Die Mitte des 19. Jahrhunderts von Gottfried Semper errichtete Synagoge existiert heute nicht mehr. Sie wurde im November 1938 von den Nationalsozialisten zerstört. Um das historische Gebäude dennoch möglichst wirklichkeitsgetreu als Modell im Maßstab von 1:100 wiederzugeben und dabei die neuesten wissenschaftlichen Forschungsergebnisse zu berücksichtigen, wandten wir uns an die Universität Darmstadt. Dort werden im Fachgebiet Digitales Gestalten seit Jahrzehnten Synagogen virtuell rekonstruiert, die während des Nationalsozialismus zerstört wurden.3 Die Grundlage für das mit der Berliner Agentur Inkl. Design entwickelte 3D-Modell der Dresdner Synagoge bilden historische Abbildungen und Architekturpläne.
Auch bei diesem Projekt konnten wir auf Personen des Blinden- und Sehbehindertenverbandes zählen, die ihre Expertise einbrachten. Anhand eines Prototypen testeten sie die Detailgenauigkeit und die Größenverhältnisse und gaben Empfehlungen zur kontrastreichen Farbgestaltung.
Am schwierigsten gestaltete sich dabei die Ausformung der Davidsterne auf den Dächern. Sie mussten recht filigran sein, durften aber auch nicht sofort brechen. Trial and error führten schließlich zu einer für alle Seiten akzeptablen Lösung.
Aussichten
Die beiden taktilen Architekturmodelle sind ein wichtiger Schritt des Stadtmuseums in Richtung Barrierefreiheit. Sie sind damit Teil einer größeren Strategie, die das Museum in seinem Leitbild als Grundprinzipien formuliert: Inklusion, Teilhabe und Diversität. Wir sind der Bürgerschaft Dresdens und seiner Umgebung verpflichtet und möchten daher die verschiedenen Bedürfnisse, Interessen und Ansprüche der Nutzer:innen berücksichtigen. Ein erster Schritt soll dabei die Ermöglichung der Teilhabe blinder und seheingeschränkter Menschen sein.
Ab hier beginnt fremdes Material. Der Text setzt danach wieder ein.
(* Let $C_t\subseteq\mathbb{R}^d$ be closed convex sets and $\ell_t$ convex losses with subgradient selections $g_t$, each $\ell_t$ being $L$-Lipschitz. Then the iterates of lazy gradient descent with constant delay $D\ge0$ and learning rate $\eta>0$ satisfy, for every $T\ge1$, $$\Bigg\|\frac1T\sum_{t=1}^Tg_t(\theta_t)\Bigg\|_2\le\frac{\|\tilde\theta_1\|_2+\|\tilde\theta_{T+1}\|_2}{\eta T}+\frac{DL}{T}.$$
   Context: Lazy gradient descent with constant delay $D\ge0$: starting from $\tilde\theta_1$, for $t=1,2,\dots$ set $\theta_t=\Pi_{C_t}(\tilde\theta_t)$ (Euclidean projection) and $\tilde\theta_{t+1}=\tilde\theta_t-\eta g_{t-D}(\theta_{t-D})$, where $g_s(\theta_s):=\mathbf{0}$ for $s\le0$. $\ell$ is $L$-Lipschitz if all its subgradients $g$ satisfy $\|g(\theta)\|_2\le L$ for all $\theta$. *)

From HB Require Import structures.
From mathcomp Require Import all_boot all_order all_algebra.
From mathcomp Require Import all_classical all_reals all_analysis.
Set Implicit Arguments. Unset Strict Implicit. Unset Printing Implicit Defensive.
Import Order.TTheory GRing.Theory Num.Theory.
Import numFieldNormedType.Exports.
Local Open Scope ring_scope.
Local Open Scope classical_set_scope.

Definition dotv {R : realType} {d : nat} (u v : 'rV[R]_d) : R :=
  \sum_(i < d) u ord0 i * v ord0 i.

Definition enorm {R : realType} {d : nat} (v : 'rV[R]_d) : R :=
  Num.sqrt (dotv v v).

Definition subgradient_selection {R : realType} {d : nat}
  (f : 'rV[R]_d -> R) (g : 'rV[R]_d -> 'rV[R]_d) : Prop :=
  forall x y, f x + dotv (g x) (y - x) <= f y.

(* the loss is L-Lipschitz in the paper's sense: all its subgradients
   (here: the selection) have Euclidean norm at most L *)
Definition lipschitz_subgrad {R : realType} {d : nat}
  (g : 'rV[R]_d -> 'rV[R]_d) (L : R) : Prop :=
  forall x, enorm (g x) <= L.

Definition is_proj {R : realType} {d : nat} (C : set 'rV[R]_d) (y p : 'rV[R]_d)
  : Prop := C p /\ forall x, C x -> enorm (y - p) <= enorm (y - x).

Definition delayed_grad {R : realType} {d : nat} (D : nat)
  (g : nat -> 'rV[R]_d -> 'rV[R]_d) (theta : nat -> 'rV[R]_d) (t : nat)
  : 'rV[R]_d :=
  if (t <= D)%N then 0 else g (t - D)%N (theta (t - D)%N).

Definition lazy_gd_delayed {R : realType} {d : nat} (C : nat -> set 'rV[R]_d)
  (g : nat -> 'rV[R]_d -> 'rV[R]_d) (D : nat) (eta : R)
  (theta thetat : nat -> 'rV[R]_d) : Prop :=
  forall t : nat, (1 <= t)%N ->
    is_proj (C t) (thetat t) (theta t) /\
    thetat t.+1 = thetat t - eta *: delayed_grad D g theta t.

(** The lazy iterate is an explicit sum: [thetat (T+1) = thetat 1 - eta * S],
    where [S] collects the gradients that have arrived by time [T], namely
    [g_t(theta_t)] for [t <= T - D].  Hence [S] has norm at most
    [(|thetat 1| + |thetat (T+1)|) / eta], and the at most [D] gradients still
    in flight add at most [D L]. *)

From HB Require Import structures.
From mathcomp Require Import all_boot all_order all_algebra.
From mathcomp Require Import all_classical all_reals all_analysis.
From mathcomp Require Import ring lra zify.
Import Order.TTheory GRing.Theory Num.Theory.
Import numFieldNormedType.Exports.
Local Open Scope ring_scope.
Local Open Scope classical_set_scope.

Section EuclideanNorm.
Context {R : realType} {d : nat}.
Implicit Types u v : 'rV[R]_d.

Lemma dotvC u v : dotv u v = dotv v u.
Proof. by apply: eq_bigr => i _; rewrite mulrC. Qed.

Lemma dotvv_ge0 v : 0 <= dotv v v.
Proof. by apply: sumr_ge0 => i _; rewrite -expr2 sqr_ge0. Qed.

Lemma dotvv_eq0_dotv u v : dotv u u = 0 -> dotv u v = 0.
Proof.
move=> uu0; rewrite /dotv big1 // => i _.
have /eqP : u ord0 i * u ord0 i = 0.
  by apply: (psumr_eq0P _ uu0) => // j _; rewrite -expr2 sqr_ge0.
by rewrite mulf_eq0 orbb => /eqP ->; rewrite mul0r.
Qed.

Lemma dotvv_lincomb u v (x y : R) :
  dotv (x *: u + y *: v) (x *: u + y *: v) =
  x ^+ 2 * dotv u u + 2 * x * y * dotv u v + y ^+ 2 * dotv v v.
Proof.
rewrite /dotv !mulr_sumr -!big_split /=; apply: eq_bigr => i _.
by rewrite !mxE; ring.
Qed.

Lemma enorm_ge0 v : 0 <= enorm v.
Proof. exact: sqrtr_ge0. Qed.

Lemma sqr_enorm v : enorm v ^+ 2 = dotv v v.
Proof. by rewrite sqr_sqrtr // dotvv_ge0. Qed.

Lemma enorm0 : enorm (0 : 'rV[R]_d) = 0.
Proof. by rewrite /enorm /dotv big1 ?sqrtr0 // => i _; rewrite mxE mul0r. Qed.

Lemma enormZ (x : R) v : enorm (x *: v) = `|x| * enorm v.
Proof.
have := dotvv_lincomb v v x 0; rewrite scale0r !addr0 /enorm => ->.
by rewrite expr0n /= !(mul0r, mulr0, addr0) sqrtrM ?sqr_ge0 // sqrtr_sqr.
Qed.

Lemma enormN v : enorm (- v) = enorm v.
Proof. by rewrite -scaleN1r enormZ normrN normr1 mul1r. Qed.

Lemma cauchy_schwarz u v : dotv u v <= enorm u * enorm v.
Proof.
set a := enorm u; set b := enorm v.
have [a0|a_neq0] := eqVneq a 0.
  by rewrite dotvv_eq0_dotv ?a0 ?mul0r // -sqr_enorm -/a a0 expr0n.
have [b0|b_neq0] := eqVneq b 0.
  by rewrite dotvC dotvv_eq0_dotv ?b0 ?mulr0 // -sqr_enorm -/b b0 expr0n.
have ab_gt0 : 0 < a * b by rewrite mulr_gt0 // lt0r ?a_neq0 ?b_neq0 ?enorm_ge0.
(* [|b u - a v|^2 = 2 a b (a b - <u, v>)], with [a = |u|], [b = |v|] *)
have := dotvv_ge0 (b *: u + (- a) *: v).
rewrite dotvv_lincomb -!sqr_enorm -/a -/b => expansion_ge0.
have : 0 <= (a * b) * (a * b - dotv u v) by nra.
by rewrite pmulr_rge0 // subr_ge0.
Qed.

Lemma ler_enormD u v : enorm (u + v) <= enorm u + enorm v.
Proof.
rewrite -(ler_pXn2r (n := 2)) ?nnegrE ?addr_ge0 ?enorm_ge0 //.
have := dotvv_lincomb u v 1 1; rewrite !scale1r => expansion.
rewrite sqr_enorm expansion sqrrD !sqr_enorm.
by have := cauchy_schwarz u v; lra.
Qed.

Lemma ler_enorm_sum m n (F : nat -> 'rV[R]_d) :
  enorm (\sum_(m <= i < n) F i) <= \sum_(m <= i < n) enorm (F i).
Proof.
elim/big_ind2: _ => [|x1 x2 y1 y2 le1 le2|//]; first by rewrite enorm0.
exact: le_trans (ler_enormD _ _) (lerD le1 le2).
Qed.

Lemma ler_enorm_sum_const m n (F : nat -> 'rV[R]_d) (L : R) :
  (forall i, enorm (F i) <= L) ->
  enorm (\sum_(m <= i < n) F i) <= (n - m)%:R * L.
Proof.
move=> F_le; apply: le_trans (ler_enorm_sum _ _ _) _.
apply: le_trans (ler_sum_nat (G := fun=> L) _) _ => [i _|]; first exact: F_le.
by rewrite sumr_const_nat mulr_natl.
Qed.

End EuclideanNorm.

Lemma sum_delayed_grad {R : realType} {d : nat} (D : nat)
    (g : nat -> 'rV[R]_d -> 'rV[R]_d) (theta : nat -> 'rV[R]_d) (n : nat) :
  \sum_(1 <= t < n.+1) delayed_grad D g theta t =
  \sum_(1 <= t < (n - D).+1) g t (theta t).
Proof.
elim: n => [|n IH]; first by rewrite sub0n !big_geq.
rewrite big_nat_recr //= IH /delayed_grad.
case: leqP => [D_le_n|n_lt_D].
  by rewrite (_ : n.+1 - D = (n - D).+1)%N ?[RHS]big_nat_recr //; lia.
by rewrite (_ : n.+1 - D = n - D)%N ?addr0 //; lia.
Qed.

Section LazyGradientDescent.
Context {R : realType} {d : nat}.
Context {C : nat -> set 'rV[R]_d} {g : nat -> 'rV[R]_d -> 'rV[R]_d}.
Context {D : nat} {eta : R} {theta thetat : nat -> 'rV[R]_d}.
Hypothesis lazy_gd : lazy_gd_delayed C g D eta theta thetat.

Lemma lazy_gd_unroll n :
  thetat n.+1 = thetat 1%N - eta *: \sum_(1 <= t < n.+1) delayed_grad D g theta t.
Proof.
elim: n => [|n IH]; first by rewrite big_geq // scaler0 subr0.
by rewrite (proj2 (lazy_gd n.+1 isT)) IH [in RHS]big_nat_recr //= scalerDr opprD addrA.
Qed.

Lemma lazy_gd_arrived_grads T : eta != 0 ->
  \sum_(1 <= t < (T - D).+1) g t (theta t) = eta^-1 *: (thetat 1%N - thetat T.+1).
Proof.
move=> eta_neq0; rewrite -sum_delayed_grad [thetat T.+1]lazy_gd_unroll.
by rewrite opprB addrC subrK scalerA mulVf ?scale1r.
Qed.

End LazyGradientDescent.

Theorem proposition11 (R : realType) (d : nat)
  (C : nat -> set 'rV[R]_d) (ell : nat -> 'rV[R]_d -> R)
  (g : nat -> 'rV[R]_d -> 'rV[R]_d) (L eta : R) (D : nat)
  (theta thetat : nat -> 'rV[R]_d) :
  (forall t, closed (C t) /\ convex_set (C t)) ->
  (forall t, convex_function setT (ell t)) ->
  (forall t, subgradient_selection (ell t) (g t)) ->
  (forall t, lipschitz_subgrad (g t) L) ->
  0 < eta ->
  lazy_gd_delayed C g D eta theta thetat ->
  forall T : nat, (1 <= T)%N ->
    enorm (T%:R^-1 *: \sum_(1 <= t < T.+1) g t (theta t))
      <= (enorm (thetat 1%N) + enorm (thetat T.+1)) / (eta * T%:R)
         + D%:R * L / T%:R.
Proof.
move=> _ _ _ g_le eta_gt0 lazy_gd T T_ge1.
have L_ge0 : 0 <= L := le_trans (enorm_ge0 _) (g_le 0%N 0).
have T_gt0 : 0 < T%:R :> R by rewrite ltr0n.
rewrite (@big_cat_nat _ _ _ (T - D).+1) //=; last by lia.
rewrite (lazy_gd_arrived_grads lazy_gd) ?gt_eqF //.
rewrite enormZ ger0_norm; last by rewrite invr_ge0 ltW.
set r := enorm (thetat 1%N) + enorm (thetat T.+1).
have -> : r / (eta * T%:R) + D%:R * L / T%:R = T%:R^-1 * (eta^-1 * r + D%:R * L).
  by field; rewrite ?gt_eqF.
apply: ler_wpM2l; first by rewrite invr_ge0 ltW.
apply: le_trans (ler_enormD _ _) _; apply: lerD.
  rewrite enormZ ger0_norm; last by rewrite invr_ge0 ltW.
  apply: ler_wpM2l; first by rewrite invr_ge0 ltW.
  by apply: le_trans (ler_enormD _ _) _; rewrite enormN.
apply: le_trans (ler_enorm_sum_const _ _ _ _ (fun i => g_le i (theta i))) _.
by rewrite ler_wpM2r // ler_nat; lia.
Qed.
Noch fehlt im gesamten Haus ein inklusives Leit- und Orientierungssystem – eine wichtige Voraussetzung für einen selbstbestimmten Museumsbesuch! Auch sind die Ausstellungen noch nicht multisensorisch angelegt, sondern fast ausschließlich auf visuelle Zugänge angelegt. Daran müssen und wollen wir noch arbeiten! Die beiden taktilen Vermittlungsstationen sind nur ein erster Auftakt zur Verbesserung der Situation.
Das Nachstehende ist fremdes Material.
(* Let $A_p\in C[0,\infty)$ be real-valued and consider the Maxwell--Bloch system on $\mathbb X=\mathbb R^2\times S^3$, \[ \dot A=B,\quad \dot B=-\Omega^2A-\sigma B+cj,\quad i\hbar\dot C_1=\hbar\omega_1C_1+iaC_2,\quad i\hbar\dot C_2=\hbar\omega_2C_2-iaC_1, \] with $j=2q\,\mathrm{Im}[\overline{C_1}C_2]$, $a(t)=\frac qc[A(t)+A_p(t)]$. Let $\dot Y(t)=F(Y(t),t)$, $t\ge0$, be the induced reduced dynamics on $\mathbb Y=\mathbb X/U(1)=\mathbb R^2\times S^2$. Then for every $Y_0\in\mathbb Y$ the reduced equation admits a unique global solution $Y(t)=(A(t),B(t),C_*(t))$, $t\ge0$, with $Y(0)=Y_0$.
   Context: Parameters: $\Omega,\sigma,c,\hbar,p>0$, real $\omega_2>\omega_1$, $\omega=\omega_2-\omega_1$, $q=\omega p$. Here $S^3=\{C=(C_1,C_2)\in\mathbb C^2:|C_1|^2+|C_2|^2=1\}$. The group $U(1)$ acts on $\mathbb X$ by $g(\theta)(A,B,C)=(A,B,e^{i\theta}C)$; this action commutes with the Maxwell--Bloch flow. The quotient $\mathbb Y=\mathbb X/U(1)$ is identified with $\mathbb R^2\times S^2$ via the map $\Pi(A,B,C)=(A,B,h(C))$, where $h:S^3\to S^2$ is the Hopf fibration, $C_*=h(C)$. The reduced dynamics $\dot Y=F(Y,t)$ is the time-dependent vector field on $\mathbb Y$ (smooth in $Y$, continuous in $t$) obtained by pushing forward the Maxwell--Bloch vector field under $\Pi$, so that $\Pi$ maps Maxwell--Bloch solutions to solutions of the reduced equation. *)

From Stdlib Require Import Reals ClassicalEpsilon.
From Coquelicot Require Import Coquelicot.
Open Scope R_scope.

(* A complex pair C = (C1, C2) in C^2 is stored in real coordinates
   ((x1, y1), (x2, y2)) with C1 = x1 + i y1, C2 = x2 + i y2. *)
Definition C2R := ((R * R) * (R * R))%type.
(* Phase space X = R^2 x S^3 (ambient R^2 x C^2). *)
Definition Xstate := ((R * R) * C2R)%type.
(* Reduced space Y = R^2 x S^2 (ambient R^2 x R^3). *)
Definition Ystate := ((R * R) * (R * R * R))%type.

Definition onS3 (C : C2R) : Prop :=
  let '((x1, y1), (x2, y2)) := C in x1^2 + y1^2 + x2^2 + y2^2 = 1.

Definition onS2 (v : R * R * R) : Prop :=
  let '(u1, u2, u3) := v in u1^2 + u2^2 + u3^2 = 1.

(* Hopf fibration h : S^3 -> S^2,
   h(C) = (2 Re(conj C1 C2), 2 Im(conj C1 C2), |C1|^2 - |C2|^2). *)
Definition hopf (C : C2R) : R * R * R :=
  let '((x1, y1), (x2, y2)) := C in
  (2 * (x1 * x2 + y1 * y2), 2 * (x1 * y2 - y1 * x2),
   x1^2 + y1^2 - x2^2 - y2^2).

Definition Pi (X : Xstate) : Ystate := (fst X, hopf (snd X)).

Definition imC1C2 (C : C2R) : R :=
  let '((x1, y1), (x2, y2)) := C in x1 * y2 - y1 * x2.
Zukünftig werden die Stationen auch in eine per App oder per Multimediaguide nutzbare Audiodeskriptionsspur durch die Dauerausstellung des Stadtmuseums eingebunden. Sie soll Nutzer:innen, die mit einer Begleitperson ohne Seheinschränkung das Museum besuchen, anhand ausgewählter Stationen in die Ausstellung und deren Themenbereiche einführen. Präsentiert wird eine detaillierte Beschreibung des Museumsgebäudes, der einzelnen Ausstellungsräume und ausgewählter Exponate und deren historischer Kontext. Zudem gibt es Angaben zur räumlichen Orientierung, sodass blinden und sehbehinderten Menschen das Auffinden und Nutzen der taktilen Vermittlungsstationen in der Ausstellung überhaupt ermöglicht wird.
Die Spur wurde mit der Agentur Verso – einer Agentur, die sich für den Gebrauch einer verständlichen Sprache einsetzt – und der Agentur he´ Die Hörerlebnis Agentur entwickelt. Sie ist so aufgebaut, dass sie zukünftig um weitere Inhalte ergänzt werden kann. So wird gewährleistet, dass neue Exponate und Ausstellungsinhalte in die Spur integriert und somit von blinden und sehbehinderten Museumsgästen wahrgenommen werden können.
Inklusion im Museum ist ein fortwährender Prozess. Er muss immer weiter verbessert und ausgebaut werden, um Geschichte nicht nur zum Sehen und Hören, sondern auch zum Anfassen zu ermöglichen!